Kristen is best known for her role as Judy Robinson, the oldest child of Professor John Robinson and his wife, Maureen, in the television series Lost in Space (1965–1968). Her character was a young adult, around 20 years of age.

Early life
Kristen was born Birgit Annalisa Rusanen in Oslo, Norway, to a Finnish mother and a German soldier father who was killed during World War II. She spent her first years in an orphanage in Norway, and was then adopted in 1949 by a couple from Detroit, Michigan, Harold Oliver Soderquist, and his wife, Bertha, who renamed her Martha Annalise Soderquist. Her adoptive father was a professor of education at Wayne University, Detroit. Kristen has a brother whom her parents adopted.

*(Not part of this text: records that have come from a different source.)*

(* Let $J : \mathfrak{n} \rightarrow \mathfrak{n}$ be any linear map. $J$ has zero torsion if and only if it is equivalent to one of the endomorphisms defined in the basis $(x_1,x_2,x_3)$ by: (i) $S(\xi^3_3)=\begin{pmatrix} 0&-1&0\\ 1&0&0\\ 0&0&\xi^3_3 \end{pmatrix}$, $\xi^3_3 \in \mathbb{R}$; (ii) $D(\xi^1_1)=\begin{pmatrix} \xi^1_1&0&0\\ 0&\xi^1_1&0\\ 0&0&\frac{(\xi^1_1)^2-1}{2\xi^1_1} \end{pmatrix}$, $\xi^1_1 \in \mathbb{R}$, $\xi^1_1 \neq 0$; (iii) $T(a,b)=\begin{pmatrix} 0&-ab&0\\ 1&b&0\\ 0&0&\frac{ab-1}{b} \end{pmatrix}$, $a,b \in \mathbb{R}$, $b \neq 0$. Any two distinct endomorphisms in the preceding list are non equivalent. $T(a,b)$ is equivalent to $T'(a,b)=\begin{pmatrix} b&-b&0\\ a&0&0\\ 0&0&\frac{ab-1}{b} \end{pmatrix}$.
   Context: $\mathfrak{n}$ is the real 3-dimensional Heisenberg Lie algebra with basis $(x_1,x_2,x_3)$ and commutation relations $[x_1,x_2]=x_3$. A linear map $J:\mathfrak{g}\to\mathfrak{g}$ on a real Lie algebra has zero torsion if $[JX,JY]-[X,Y]-J[JX,Y]-J[X,JY]=0$ for all $X,Y\in\mathfrak{g}$. Two such maps $J,J'$ are equivalent if $J'=\Phi\circ J\circ\Phi^{-1}$ for some $\Phi\in\mathrm{Aut}\,\mathfrak{g}$. *)

From HB Require Import structures.
From mathcomp Require Import all_boot all_order all_algebra.
From mathcomp Require Import reals.
Set Implicit Arguments. Unset Strict Implicit. Unset Printing Implicit Defensive.
Import Order.TTheory GRing.Theory Num.Theory.
Local Open Scope ring_scope.

Section Heis.
Variable R : realType.

(* Vectors of the Heisenberg algebra n = R^3 in coordinates w.r.t. (x1,x2,x3),
   as column vectors; x_{i+1} is the i-th standard basis vector. *)
Definition hvec := 'cV[R]_3.

(* Lie bracket: [x1,x2] = x3, all other brackets of basis vectors zero
   (besides antisymmetry). [X,Y] = (X1 Y2 - X2 Y1) x3. *)
Definition hbr (X Y : hvec) : hvec :=
  (X 0 0 * Y 1 0 - X 1 0 * Y 0 0) *: delta_mx 2 0.

(* A linear map J : n -> n is represented by its matrix in the basis
   (x1,x2,x3), acting by J *m X (column j = image of x_{j+1}). *)
Definition zero_torsion (J : 'M[R]_3) : Prop :=
  forall X Y : hvec,
    hbr (J *m X) (J *m Y) - hbr X Y - J *m hbr (J *m X) Y - J *m hbr X (J *m Y) = 0.

Definition is_aut (P : 'M[R]_3) : Prop :=
  P \in unitmx /\ forall X Y : hvec, P *m hbr X Y = hbr (P *m X) (P *m Y).

Definition equivJ (J J' : 'M[R]_3) : Prop :=
  exists P, is_aut P /\ J' = P *m J *m invmx P.

Definition mx3 (a b c d e f g h k : R) : 'M[R]_3 :=
  \matrix_(i < 3, j < 3)
    nth 0 (nth [::] [:: [:: a; b; c]; [:: d; e; f]; [:: g; h; k]] i) j.

Definition Smx (xi33 : R) := mx3 0 (-1) 0 1 0 0 0 0 xi33.
Definition Dmx (xi11 : R) :=
  mx3 xi11 0 0 0 xi11 0 0 0 ((xi11 ^+ 2 - 1) / (2 * xi11)).
Definition Tmx (a b : R) := mx3 0 (- (a * b)) 0 1 b 0 0 0 ((a * b - 1) / b).
Definition T'mx (a b : R) := mx3 b (- b) 0 a 0 0 0 0 ((a * b - 1) / b).

Definition in_list (J : 'M[R]_3) : Prop :=
  (exists xi33 : R, J = Smx xi33)
  \/ (exists xi11 : R, xi11 != 0 /\ J = Dmx xi11)
  \/ (exists a b : R, b != 0 /\ J = Tmx a b).

End Heis.

From HB Require Import structures.
From mathcomp Require Import all_boot all_order all_algebra.
From mathcomp Require Import reals.
From mathcomp Require Import ring lra.
Set Implicit Arguments. Unset Strict Implicit. Unset Printing Implicit Defensive.
Import Order.TTheory GRing.Theory Num.Theory.
Local Open Scope ring_scope.

(* Zero torsion forces J x3 to lie in R x3, so J has block form [[A, 0], [w, k]],
   and the remaining condition is det A - 1 = k tr A.  Automorphisms of n are the
   matrices [[Q, 0], [w', det Q]] with Q invertible.  Conjugating by them one clears w
   (k is not an eigenvalue of A, as det (A - k) = 1 + k^2) and replaces A by a
   similar 2x2 matrix: a scalar A gives D, otherwise A has a cyclic vector and
   becomes a companion matrix, which is S when tr A = 0 and T otherwise.  Since
   k, tr A, det A and whether A is scalar are invariants, the list is irredundant. *)

Section Heisenberg.
Variable R : realType.
Implicit Types (J K L P Q : 'M[R]_3) (X Y : 'cV[R]_3) (a b c d e f g h k p q r s u v x y z : R).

In 1959, Kristen moved to Los Angeles, California when her father was on a sabbatical. She remained there, with a guardian, and is a graduate of Santa Monica High School.

Career 
  Reflecting her Scandinavian heritage, Kristen adopted the more European-sounding "Marta" and used Marta Kristen as her stage name. She first appeared in a 1961 episode of Alfred Hitchcock Presents, "Bang! You're Dead", alongside Billy Mumy, who later co-starred with Kristen in Lost in Space.  In 1963, she starred with Tony Dow in "Four Feet in the Morning," an episode of The Eleventh Hour.

Kristen's first film role was in the 1963 Walt Disney production of Savage Sam.  She played the role of Lorelei in the 1965 movie Beach Blanket Bingo. 

Kristen starred in Lost in Space from its beginning in 1965 until its cancellation in 1968.  Afterwards, she had a daughter, born in 1969, and appeared in more than forty television commercials as well as making numerous guest appearances on television shows.  She also appeared in the A&E biography Jonathan Harris:  Never Fear, Smith Is Here in 2002.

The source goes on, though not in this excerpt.